In the above environment, I am using the following additional Python packages. Just install with regular pip.

type	version
pandas	1.0.1

Chapter 4: Morphological analysis

content of study

Apply the morphological analyzer MeCab to Natsume Soseki's novel "I Am a Cat" to obtain the statistics of the words in the novel.

Morphological analysis, MeCab, part of speech, frequency of occurrence, Zipf's law, matplotlib, Gnuplot

Knock content

Using MeCab for the text (neko.txt) of Natsume Soseki's novel "I am a cat" Morphological analysis and save the result in a file called neko.txt.mecab. Use this file to implement a program that addresses the following questions.

For problems 37, 38, and 39, use matplotlib or Gnuplot.

34. "B of A"

Extract a noun phrase in which two nouns are connected by "no".

Answer

Answer Program [034. "A B" .ipynb](https://github.com/YoheiFukuhara/nlp100/blob/master/04.%E5%BD%A2%E6%85%8B%E7%B4%A0 % E8% A7% A3% E6% 9E% 90/034.% E3% 80% 8CA% E3% 81% AEB% E3% 80% 8D.ipynb)

import pandas as pd

def read_text():
    # 0:Surface type(surface)
    # 1:Part of speech(pos)
    # 2:Part of speech subclassification 1(pos1)
    # 7:Uninflected word(base)
    df = pd.read_table('./neko.txt.mecab', sep='\t|,', header=None, 
                       usecols=[0, 1, 2, 7], names=['surface', 'pos', 'pos1', 'base'], 
                       skiprows=4, skipfooter=1 ,engine='python')
    # EOS,symbol,Leave a blank
    return df

df = read_text()

POS_TARGET = 'noun'

for index in df['surface'].index:
    
    #No special logic on the first and last lines
    if df['surface'][index] == 'of' \
     and df['pos'][index-1] == POS_TARGET \
     and df['pos'][index+1] == POS_TARGET:
        print(index, '\t', df['surface'][index-1] + 'of' + df['surface'][index+1])
    
    #Limited because there are many
    if index > 2000:
        break

Answer commentary

Read file

Unlike the previous knock, EOS, symbols, and blank lines are not removed. This is because I wanted to make it a condition that "B of A" is continuous, including clarity at the end of sentences and symbols.

`python`


def read_text():
    # 0:Surface type(surface)
    # 1:Part of speech(pos)
    # 2:Part of speech subclassification 1(pos1)
    # 7:Uninflected word(base)
    df = pd.read_table('./neko.txt.mecab', sep='\t|,', header=None, 
                       usecols=[0, 1, 2, 7], names=['surface', 'pos', 'pos1', 'base'], 
                       skiprows=4, skipfooter=1 ,engine='python')
    # EOS,symbol,Leave a blank
    return df

"A to B" judgment

Loop on the Pandas Series index.

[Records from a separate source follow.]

Lemma oprod_group :
    (forall i j, i < j < n -> {in X i, forall g, X j :^ g \subset X j * oprod j.+1}) ->
  forall m, group_set (oprod m).
Proof.
move=> conjX; suff grp d m : n - m <= d -> group_set (oprod m) by move=> m; apply: (grp (n - m)).
elim: d m => [|d IHd] m le_nm; first by rewrite oprod_geq ?group_set_one //; lia.
have [lt_mn | le_nm'] := ltnP m n; last by rewrite oprod_geq ?group_set_one.
have grp1 : group_set (oprod m.+1) by apply: IHd; lia.
rewrite oprod_ltn //; have -> : oprod m.+1 = Group grp1 by [].
apply/comm_group_setP; apply: normC; apply: oprod_norm => [k lt_mk|j /andP[lt_mj lt_jn]].
  by apply: IHd; lia.
by apply: conjX; rewrite lt_mj.
Qed.

Lemma oprod_sub_mulg (Y : {group gT}) a :
    (forall i, i < n -> i != a -> X i \subset Y) -> X a \subset 'N(Y) ->
  forall m, oprod m \subset X a * Y.
Proof.
move=> sXY nYXa m; move Dd: (n - m) => d; elim: d m Dd => [|d IHd] m Dd.
  rewrite oprod_geq; last lia.
  by apply/subsetP=> _ /set1P ->; rewrite -[1]mulg1 mem_mulg ?group1.
have lt_mn : m < n by lia.
rewrite oprod_ltn //; apply: subset_trans (mulgS _ (IHd m.+1 _)) _; first lia.
have [-> | ne_ma] := eqVneq m a; first by rewrite mulgA mulGid.
apply: subset_trans (mulSg _ (sXY m lt_mn ne_ma)) _.
by rewrite mulgA -(normC nYXa) -mulgA mulGid.
Qed.

End OrderedProduct.

Section CosetCoordinate.
Variables (gT : finGroupType) (F : finZmodType) (e : F -> gT) (V Y : {group gT}).
Local Open Scope group_scope.
Hypothesis eD : forall t u, e (t + u)%R = e t * e u.
Hypothesis eY : forall t, e t \in Y -> t = 0%R.
Hypothesis nYe : forall t, e t \in 'N(Y).
Hypothesis sV_eY : V \subset [set e t | t : F] * Y.

Definition coord g := odflt 0%R [pick t | (e t)^-1 * g \in Y].

Let e0 : e 0%R = 1.
Proof. by apply: (mulgI (e 0%R)); rewrite -eD addr0 mulg1. Qed.

Lemma coordP g : g \in V -> (e (coord g))^-1 * g \in Y.
Proof.
move/(subsetP sV_eY)/mulsgP=> [_ y /imsetP[t _ ->] Yy ->].
rewrite /coord; case: pickP => [u // | /(_ t)].
by rewrite mulKg Yy.
Qed.

Lemma coord_eq g t : g \in V -> (e t)^-1 * g \in Y -> coord g = t.
Proof.
move=> Vg Yg; apply/eqP; rewrite eq_sym -subr_eq0 addrC; apply/eqP/eY.
have eN u : e (- u)%R = (e u)^-1 by apply: (mulgI (e u)); rewrite -eD subrr e0 mulgV.
have : (e (coord g))^-1 * g * ((e t)^-1 * g)^-1 \in Y by rewrite groupM ?groupV ?coordP.
by rewrite eD eN invMg invgK mulgA mulgK.
Qed.

Lemma coord_e t : e t \in V -> coord (e t) = t.
Proof. by move/coord_eq; apply; rewrite mulVg group1. Qed.

Lemma coord_ker g : g \in V -> g \in Y -> coord g = 0%R.
Proof. by move=> Vg Yg; apply: coord_eq; rewrite ?e0 ?invg1 ?mul1g. Qed.

Lemma coordM : {in V &, {morph coord : g h / g * h >-> (g + h)%R}}.
Proof.
move=> g h Vg Vh; apply: coord_eq; first exact: groupM.
have -> : (e (coord g + coord h)%R)^-1 * (g * h)
          = ((e (coord g))^-1 * g) ^ e (coord h) * ((e (coord h))^-1 * h).
  by rewrite eD invMg conjgE !mulgA mulgK.
by rewrite groupM ?coordP // memJ_norm ?coordP.
Qed.

Lemma commg_sub_ker : [~: V, V] \subset Y.
Proof.
rewrite gen_subG; apply/subsetP=> _ /imset2P[g h Vg Vh ->].
have coordV u : u \in V -> coord u^-1 = (- coord u)%R.
  move=> Vu; apply/eqP; rewrite -addr_eq0 -coordM ?groupV // mulVg coord_ker ?group1 //.
have coord_comm : coord [~ g, h] = 0%R.
  rewrite commgEl conjgE !coordM ?groupV ?groupM ?groupV // !coordV //.
  by rewrite addrCA addKr addNr.
by have := coordP (groupR Vg Vh); rewrite coord_comm e0 invg1 mul1g.
Qed.

Lemma image_cap_commg : [set e t | t : F] :&: [~: V, V] = 1.
Proof.
apply/eqP; rewrite eqEsubset sub1set inE group1 andbT; apply/andP; split.
  apply/subsetP=> _ /setIP[/imsetP[t _ ->] /(subsetP commg_sub_ker) /eY ->].
  by rewrite e0 set11.
by apply/imsetP; exists 0%R; rewrite ?e0.
Qed.

End CosetCoordinate.

Lemma comm_tab_lt i j k c : comm_tab i j = Some (k, c) -> j < k <= 12.
Proof.
by move: i j => [|[|[|[|[|[|[|[|i]]]]]]]] [|[|[|[|[|[|[|[|[|[|[|[|j]]]]]]]]]]]] // [<- _].
Qed.

(* Computable versions of rt, ht, hook and leg on nat indices, for deciding by vm_compute. *)
Definition rtn (k : nat) : seq int := nth [::] posroots k.

Definition htn (k : nat) : int := foldr (fun z acc => z + acc)%R 0%R (rtn k).

Definition hookb (a g : nat) : bool :=
  (rtn g == rtn a) || has (fun h => vadd (rtn g) (rtn h) == rtn a) (iota 0 12).

Definition legb (a g : nat) : bool :=
  [&& hookb a g, g != a & if a == 11 then g \notin [:: 7; 8; 9; 10] else ~~ hookb 11 g].

Lemma mem_hook (a g : 'I_12) : (g \in hook a) = hookb a g.
Proof.
rewrite inE /hookb; congr (_ || _); apply/existsP/hasP => [[h] | [h]].
  by exists (val h); rewrite // mem_iota ltn_ord.
by rewrite mem_iota => /andP[_ lt_h12]; exists (Ordinal lt_h12).
Qed.

Lemma mem_leg (a g : 'I_12) : (g \in leg a) = legb a g.
Proof.
have top : (a == top_root) = (val a == 11) by rewrite -val_eqE /= inordK.
rewrite /leg in_setD in_setU in_set1 mem_hook /arm top /legb -val_eqE.
case: (val a =P 11) => [a11 | _] /=.
  rewrite !inE -!val_eqE /= !inordK //.
  by case: (hookb a g); case: (g == a :> nat); rewrite /= ?andbT ?andbF ?orbT ?orbF -?orbA.
rewrite in_setD1 in_setI !mem_hook /top_root inordK // -val_eqE.
by case: (hookb a g); case: (g == a :> nat); rewrite /= ?andbT ?andbF ?orbT ?orbF.
Qed.

Lemma notin_leg_self a : a \notin leg a.
Proof. by rewrite mem_leg /legb eqxx andbF. Qed.

Lemma forall12P (P : nat -> bool) : all P (iota 0 12) -> forall i : 'I_12, P i.
Proof. by move/allP=> allP i; apply: allP; rewrite mem_iota ltn_ord. Qed.

Lemma rt_inj : injective rt.
Proof. by move=> i j /eqP; rewrite nth_uniq // => /eqP /val_inj. Qed.

Lemma rt_root i : rt i \in Defs.roots.
Proof. by rewrite mem_cat mem_nth. Qed.

(* comm_tab is 1-based, and a nontrivial entry records that alpha_i + alpha_j is a root. *)
Lemma comm_tab_vadd (i j : 'I_12) k c : i != j ->
  comm_tab (minn i j).+1 (maxn i j).+1 = Some (k, c) -> vadd (rt i) (rt j) = rt (inord k.-1).
Proof.
have check : all (fun i => all (fun j => (i != j) ==>
  if comm_tab (minn i j).+1 (maxn i j).+1 is Some (k, _)
  then vadd (rtn i) (rtn j) == rtn k.-1 else true) (iota 0 12)) (iota 0 12) by vm_compute.
move=> ne_ij Dk; have /andP[_ le_k12] := comm_tab_lt Dk.
move: (forall12P (forall12P check i) j); rewrite ne_ij Dk /= => /eqP ->.
by rewrite /rt inordK //; lia.
Qed.

Lemma leg_compl_closed a : closed_set (~: leg a).
Proof.
have check : all (fun a => all (fun b => all (fun c => ~~ legb a b ==> ~~ legb a c ==>
  (vadd (rtn b) (rtn c) \notin Defs.roots) ||
  has (fun k => ~~ legb a k && (vadd (rtn b) (rtn c) == rtn k)) (iota 0 12))
  (iota 0 12)) (iota 0 12)) (iota 0 12) by vm_compute.
split; first by apply/set0Pn; exists a; rewrite in_setC notin_leg_self.
move=> b c; rewrite !in_setC !mem_leg => Lb Lc.
move: (forall12P (forall12P (forall12P check a) b) c); rewrite Lb Lc !implyTb.
case/orP=> [? | ]; first by right.
case/hasP=> k; rewrite mem_iota => /andP[_ lt_k12] /andP[Lk /eqP ->]; left.
by apply: (image_f rt (x := Ordinal lt_k12)); rewrite in_setC mem_leg.
Qed.

Lemma no_leg_decomp (a b c : 'I_12) : b \notin leg a -> c \notin leg a ->
  vadd (rt b) (rt c) != rt a.
Proof.
have check : all (fun a => all (fun b => all (fun c => ~~ legb a b ==> ~~ legb a c ==>
  (vadd (rtn b) (rtn c) != rtn a)) (iota 0 12)) (iota 0 12)) (iota 0 12) by vm_compute.
rewrite !mem_leg => Lb Lc.
by move: (forall12P (forall12P (forall12P check a) b) c); rewrite Lb Lc.
Qed.

Lemma hook_ht (a g : 'I_12) : g \in hook a -> (ht g <= ht a)%R.
Proof.
have check : all (fun a => all (fun g => hookb a g ==> (htn g <= htn a)%R)
  (iota 0 12)) (iota 0 12) by vm_compute.
by rewrite mem_hook => Hg; move: (forall12P (forall12P check a) g); rewrite Hg.
Qed.

Lemma ht_gt_notin_leg (a g : 'I_12) : (ht a < ht g)%R -> g \notin a |: leg a.
Proof.
move=> lt_ag; rewrite in_setU1 negb_or; apply/andP; split.
  by apply: contraTneq lt_ag => ->; rewrite ltxx.
by apply: contraTN lt_ag => /setDP[/hook_ht le_ga _]; rewrite -leNgt.
Qed.

Definition comm_closed (R S : {set 'I_12}) :=
  forall (i j : 'I_12) k c, i \in R -> j \in S -> i != j ->
    comm_tab (minn i j).+1 (maxn i j).+1 = Some (k, c) -> inord k.-1 \in S.

Lemma comm_closedS (R1 R2 S : {set 'I_12}) :
  R1 \subset R2 -> comm_closed R2 S -> comm_closed R1 S.
Proof. by move=> sR12 cR2S i j k c /(subsetP sR12); apply: cR2S. Qed.

Lemma closed_comm_closed S : closed_set S -> comm_closed S S.
Proof.
case=> _ clS i j k c Si Sj ne_ij Dk.
have := clS i j Si Sj; rewrite (comm_tab_vadd ne_ij Dk) rt_root.
by case=> // /imageP[l Sl /rt_inj ->].
Qed.

Lemma leg_comm_closed a : comm_closed (~: leg a) (~: (a |: leg a)).
Proof.
move=> i j k c Si; rewrite !in_setC !in_setU1 !negb_or => /andP[ne_ja Lj] ne_ij Dk.
have Sj : j \in ~: leg a by rewrite in_setC.
have := closed_comm_closed (leg_compl_closed a) Si Sj ne_ij Dk; rewrite in_setC => -> /=.
have := @no_leg_decomp a i j; rewrite -in_setC (comm_tab_vadd ne_ij Dk) => /(_ Si Lj).
by rewrite andbT; apply: contra_neq => ->.
Qed.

Then, it is judged whether the lines before and after are nouns.

`python`


for index in df['surface'].index:
    
    #No special logic on the first and last lines
    if df['surface'][index] == 'of' \
     and df['pos'][index-1] == POS_TARGET \
     and df['pos'][index+1] == POS_TARGET:
        print(index, '\t', df['surface'][index-1] + 'of' + df['surface'][index+1])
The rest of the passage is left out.